# "bite stop's here" not working



## ewelsh (Jan 26, 2011)

My puppy is settling in really well, she seems to have cracked the toilet training outside already so she is obviously quick to learn, I have read the " bite stops here" link...... but I am not getting anywhere, what am I doing wrong?
I've always got a chewy or toy in my pocket to distract her............. No doesn't work, I've tried saying NO firmly put her down on the floor and this isn't working, she just keeps coming at me.. I've tried saying No and putting her into time out ( she brings the house down ) this isn't working and I've done the old ooooowwwww it hurts noise and it really is hurting now.................... It is getting really bad, she bites my lip in the middle of the night my ears, neck... I have little teeth marks all over me..............! and she is at the dogs legs now, so the problem is esculating!

Any suggestions??????


----------



## hawksport (Dec 27, 2009)

Put her in a crate at night


----------



## ewelsh (Jan 26, 2011)

Yes I do intend to put her in a crate in the same room with my other 2 dogs it's just I don't trust my Lab with her at the moment and she can get her paws through the bars. I would not know what was going on as my room is the other side of the house. What if she got hurt through the bars?


----------



## grandad (Apr 14, 2011)

ewelsh said:


> My puppy is settling in really well, she seems to have cracked the toilet training outside already so she is obviously quick to learn, I have read the " bite stops here" link...... but I am not getting anywhere, what am I doing wrong?
> I've always got a chewy or toy in my pocket to distract her............. No doesn't work, I've tried saying NO firmly put her down on the floor and this isn't working, she just keeps coming at me.. I've tried saying No and putting her into time out ( she brings the house down ) this isn't working and I've done the old ooooowwwww it hurts noise and it really is hurting now.................... It is getting really bad, she bites my lip in the middle of the night my ears, neck... I have little teeth marks all over me..............! and she is at the dogs legs now, so the problem is esculating!
> 
> Any suggestions??????


How the hell does she get to your neck and lips in the middle of the night. Put her in a crate in the bedroom is one solution. I wouldn't give her any attention if she was biting me. fold your arms look at the ceiling and remain rigid until she gives up. Any talking or noise will only give her more of what she desires. ATTENTION.


----------



## ewelsh (Jan 26, 2011)

Oh am I glad you replied grandad.................... I've taken your advice before and it's working.... 

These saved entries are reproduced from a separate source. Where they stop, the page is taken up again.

(* Let $A$ be a generic real $6\times6$ skew-Hamiltonian matrix, let $p,q,r$ be smooth functions on $\mathbb R^6$, and define for $\varepsilon\in\mathbb R$ $$\Pi(x)=(1-\varepsilon^2p(x))J-\varepsilon^2q(x)A^{\rm T}J-\varepsilon^2r(x)(A^{\rm T})^2J.$$ Then $\Pi$ is a Poisson tensor for all $\varepsilon$ if and only if $\nabla q=C_1\nabla r$ and $\nabla p=C_2\nabla r$, where $C_1=A-aI$, $C_2=A^2-aA+bI$, $a=\tfrac12\operatorname{tr}A$, $b=\tfrac18(\operatorname{tr}A)^2-\tfrac14\operatorname{tr}(A^2)$.
   Context: $J=\begin{pmatrix}0&I_3\\-I_3&0\end{pmatrix}$; a real $6\times6$ matrix $A$ is skew-Hamiltonian if $A^{\rm T}J=JA$. Genericity: the characteristic polynomial of $A$ (a square of a cubic) has three pairwise distinct roots, each a double eigenvalue. A (skew-symmetric) matrix-valued function $\Pi$ is a Poisson tensor if the bracket $\{F,G\}=(\nabla F)^{\rm T}\Pi\nabla G$ satisfies the Jacobi identity, i.e. $\{x_i,\{x_j,x_k\}\}+\{x_j,\{x_k,x_i\}\}+\{x_k,\{x_i,x_j\}\}=0$ for all $i,j,k$. *)

From Stdlib Require Import Reals Lra ClassicalEpsilon.
Open Scope R_scope.

(** Points of R^6 are read off the first six coordinates of x : nat -> R.
    Functions on R^6 are genuinely 6-argument real functions. *)
Definition R6fun := R -> R -> R -> R -> R -> R -> R.
Definition ev6 (f : R6fun) (x : nat -> R) : R := f (x 0%nat) (x 1%nat) (x 2%nat) (x 3%nat) (x 4%nat) (x 5%nat).
Definition upd (x : nat -> R) (i : nat) (t : R) : nat -> R :=
  fun m => if Nat.eqb m i then t else x m.

Definition cont6 (f : R6fun) : Prop :=
  forall (x : nat -> R) (e : R), 0 < e -> exists d, 0 < d /\
    forall y : nat -> R, (forall i, (i < 6)%nat -> Rabs (y i - x i) < d) ->
      Rabs (ev6 f y - ev6 f x) < e.

Fixpoint Ck (k : nat) (f : R6fun) : Prop :=
  match k with
  | O => cont6 f
  | S k' => cont6 f /\ exists g : nat -> R6fun,
      (forall i x, (i < 6)%nat ->
         derivable_pt_lim (fun t => ev6 f (upd x i t)) (x i) (ev6 (g i) x)) /\
      (forall i, (i < 6)%nat -> Ck k' (g i))
  end.
Definition smooth (f : R6fun) : Prop := forall k, Ck k f.

Definition pd (f : R6fun) (i : nat) (x : nat -> R) : R :=
  epsilon (inhabits 0) (fun l => derivable_pt_lim (fun t => ev6 f (upd x i t)) (x i) l).

Definition sum6 (f : nat -> R) : R := sum_f_R0 f 5.
Definition Mat := nat -> nat -> R.
Definition mmul (A B : Mat) : Mat := fun i j => sum6 (fun k => A i k * B k j).
Definition trans (A : Mat) : Mat := fun i j => A j i.
Definition madd (A B : Mat) : Mat := fun i j => A i j + B i j.
Definition mscale (c : R) (A : Mat) : Mat := fun i j => c * A i j.
Definition Id6 : Mat := fun i j => if Nat.eqb i j then 1 else 0.
Definition trace (A : Mat) : R := sum6 (fun i => A i i).

(** J = [[0, I_3], [-I_3, 0]] *)
Definition Jm : Mat := fun i j =>
  if (Nat.ltb i 3 && Nat.eqb j (i + 3))%bool then 1
  else if (Nat.leb 3 i && Nat.ltb i 6 && Nat.eqb (j + 3) i)%bool then -1
  else 0.

Definition skew_hamiltonian (A : Mat) : Prop :=
  forall i j, (i < 6)%nat -> (j < 6)%nat -> mmul (trans A) Jm i j = mmul Jm A i j.

(** Determinant of the leading n x n block, by Laplace expansion along row 0. *)
Definition minor0 (j : nat) (M : Mat) : Mat :=
  fun i k => M (S i) (if Nat.ltb k j then k else S k).
Fixpoint detn (n : nat) (M : Mat) : R :=
  match n with
  | O => 1
  | S m => sum_f_R0 (fun j => (-1) ^ j * M 0%nat j * detn m (minor0 j M)) m
  end.
Definition charpoly6 (A : Mat) (lam : R) : R :=
  detn 6 (fun i j => lam * Id6 i j - A i j).

Definition C := (R * R)%type.
Definition Cadd (z w : C) : C := (fst z + fst w, snd z + snd w).
Definition Cmul (z w : C) : C :=
  (fst z * fst w - snd z * snd w, fst z * snd w + snd z * fst w).
Definition Creal (a : R) : C := (a, 0).
Definition cubic_evalC (c2 c1 c0 : R) (z : C) : C :=
  Cadd (Cmul z (Cmul z z))
   (Cadd (Cmul (Creal c2) (Cmul z z)) (Cadd (Cmul (Creal c1) z) (Creal c0))).

(** Genericity: the characteristic polynomial is the square of a (monic) cubic
    having three pairwise distinct (complex) roots, each thus a double eigenvalue. *)
Definition generic_sh (A : Mat) : Prop :=
  exists c2 c1 c0 : R,
    (forall lam, charpoly6 A lam = (lam ^ 3 + c2 * lam ^ 2 + c1 * lam + c0) ^ 2) /\
    exists z1 z2 z3 : C, z1 <> z2 /\ z1 <> z3 /\ z2 <> z3 /\
      cubic_evalC c2 c1 c0 z1 = (0, 0) /\ cubic_evalC c2 c1 c0 z2 = (0, 0) /\
      cubic_evalC c2 c1 c0 z3 = (0, 0).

I have her in bed with me as she is only 7 weeks and 5 days now, that's how she gets to bite my face. I will try to Ignor her when she bites me................ which will be hard to do as it really flipping hurts now.
I will get the crate up in the bedroom to. Thank you!


----------



## grandad (Apr 14, 2011)

ewelsh said:


> Oh am I glad you replied grandad.................... I've taken your advice before and it's working....
> 
> I have her in bed with me as she is only 7 weeks and 5 days now, that's how she gets to bite my face. I will try to Ignor her when she bites me................ which will be hard to do as it really flipping hurts now.
> I will get the crate up in the bedroom to. Thank you!


in the day time wear wellies :wink:


----------



## newfiesmum (Apr 21, 2010)

grandad said:


> in the day time wear wellies :wink:


That won't be very comfy, but it is actually a good idea. Pup won't want to bite rubber for long. Or tuck your trouser legs into some very thick socks.

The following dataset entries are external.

(* Let $n\le m$ and let $\alpha_1,\ldots,\alpha_n\in\mathbb{R}^m$ be linearly independent unit vectors; let $H_i=\{y\in\mathbb{R}^m:(y,\alpha_i)=0\}$ and consider the polyhedral cone $Q=\{y\in\mathbb{R}^m : (y,\alpha_i)\geqslant 0 \text{ for all } i=1,\ldots,n\}$ with walls $B_i=H_i\cap Q$. Let $\lambda_{min}$ be the minimal eigenvalue of the (positive definite) Gram matrix $\big((\alpha_i,\alpha_j)\big)_{i,j=1}^n$. Then the number of reflections of any billiard trajectory in $Q$ does not exceed $n!\left(\frac{4}{\lambda_{min}}\right)^{n-1}$.
   Context: A billiard trajectory in $Q$: a point particle moves with uniform (constant-velocity) motion in the interior of $Q$ and undergoes specular reflections at the walls $B_i$, i.e. upon hitting $B_i$ its velocity $v$ is replaced by $v-2(v,\alpha_i)\alpha_i$. If the trajectory reaches a corner $B_i\cap B_j$ with $i\neq j$, its further motion is not defined. $(\cdot,\cdot)$ denotes the Euclidean inner product. *)

From HB Require Import structures.
From mathcomp Require Import all_boot all_order all_algebra.
From mathcomp Require Import reals.
Set Implicit Arguments. Unset Strict Implicit. Unset Printing Implicit Defensive.
Import Order.TTheory GRing.Theory Num.Theory.
Local Open Scope ring_scope.

Section Billiard.
Variables (R : realType) (m n : nat).

Definition dotv (u w : 'rV[R]_m) : R := \sum_(k < m) u 0 k * w 0 k.

Definition rows_mx (alpha : 'I_n -> 'rV[R]_m) : 'M[R]_(n, m) :=
  \matrix_(i < n, j < m) alpha i 0 j.

Definition gram (alpha : 'I_n -> 'rV[R]_m) : 'M[R]_n :=
  \matrix_(i < n, j < n) dotv (alpha i) (alpha j).

Definition in_interior (alpha : 'I_n -> 'rV[R]_m) (y : 'rV[R]_m) : Prop :=
  forall i, 0 < dotv y (alpha i).

Definition reflect_at (alpha : 'I_n -> 'rV[R]_m) (i : 'I_n) (v : 'rV[R]_m) :=
  v - (2 * dotv v (alpha i)) *: alpha i.

(* A billiard trajectory in Q with (at least) N reflections:
   start x 0 in the interior of Q; on the j-th leg the particle moves
   uniformly with velocity v j, staying in the interior of Q, until it reaches
   x (j+1), a point of the wall B_(w j) not lying on any other wall
   (no corner), where the velocity is reflected. *)
Definition billiard_traj (alpha : 'I_n -> 'rV[R]_m) (N : nat)
    (x v : nat -> 'rV[R]_m) (w : nat -> 'I_n) : Prop :=
  in_interior alpha (x 0%N) /\
  forall j : nat, (j < N)%N ->
    [/\ exists2 t : R, 0 < t &
          x j.+1 = x j + t *: v j /\
          (forall s : R, 0 < s -> s < t -> in_interior alpha (x j + s *: v j)),
        dotv (x j.+1) (alpha (w j)) = 0,
        (forall k : 'I_n, k != w j -> 0 < dotv (x j.+1) (alpha k)) &
        v j.+1 = reflect_at alpha (w j) (v j)].

End Billiard.

(* A reflection at wall i adds to the velocity v the kick t alpha_i, where
   t = -2 (v, alpha_i) > 0; it preserves |v|, and projecting v onto the span
   of the alpha_i does not change the reflections.  Argue by induction on the
   number n of walls, with bound F_n = n! (4/lam)^(n-1).  A stretch of the
   trajectory that avoids some wall is a trajectory for the other n - 1 walls,
   whose Gram matrix is still lam-coercive, so it has at most F_(n-1)
   reflections.  Once a stretch has hit every wall, each (v, alpha_i) is
   bounded by the kicks of the stretch, and lam |v|^2 <= sum_i (v, alpha_i)^2
   forces these kicks to add up to at least s = sqrt (lam |v|^2 / n).  On the
   other hand the kicks of the whole trajectory are the coordinates of
   v_end - v_0 in the basis alpha, so they add up to at most 2 n s / lam.
   Cutting the trajectory into stretches that first hit all walls thus yields
   at most F_(n-1) (1 + 3 n / lam) <= F_n reflections, because lam <= 1. *)

From HB Require Import structures.
From mathcomp Require Import all_boot all_order all_algebra.
From mathcomp Require Import classical_sets reals.
From mathcomp Require Import ring lra zify.
Set Implicit Arguments. Unset Strict Implicit. Unset Printing Implicit Defensive.
Import Order.TTheory GRing.Theory Num.Theory.
Local Open Scope ring_scope.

I always found just keeping perfectly still works with most dogs. If you are not reacting it is no fun so they get bored.


----------



## Rottiefan (Jun 20, 2010)

There are no quick fixes in dog training. 7 weeks and 5 days? How long have you had the pup. Those techniques will work given the time, don't right them off after a few days.


----------



## kaisa624 (Mar 5, 2010)

We got our pup at 7 weeks, and she was in the kitchen in a crate, she's only now allowed on the bed but only for cuddles in the morning, and before bed.


----------



## leashedForLife (Nov 1, 2009)

_'The Bite Stops Here'_ article - 
The Bite Stops Here by Dr Ian Dunbar

the 2 FREE download-books [which include & expand on this] are on DogStarDaily website: 
Free Downloads | Dog Star Daily Titles: _Before U Get Ur Puppy_ & _After U Get..._

Q for the OP: 
where does Dr Dunbar suggest training for a soft-mouth *while U are asleep?* 
 just how much training do U do while U're unconscious? :lol:


----------



## ewelsh (Jan 26, 2011)

Hi wellies be damned...suit of armour!

I just had the first fight, but between my other 2 dogs,,,, the puppy was at the Lab's tail........ she was growling then my Terrier came over and tried to push my Lab down by the neck as she does when trying to sort her out and all hell broke out, they had a fight. I left them to it.......... they have never had one fight in 3 years! so now then what am I to do about preventing this happing again and why has this happened, I'd like to understand yet common sence tells me the dinamics have changed in the house since the puppy came alone.


----------



## leashedForLife (Nov 1, 2009)

ewelsh said:


> I just had the first fight, but between my other 2 dogs...


since this is an entirely different topic from puppy-mouthing & bites or nips, 
PLUS it's about 2 other dogs, not the original [3rd] pup, i'd suggest a new thread.

U can copy & paste the post, to save typing time. :yesnod:


----------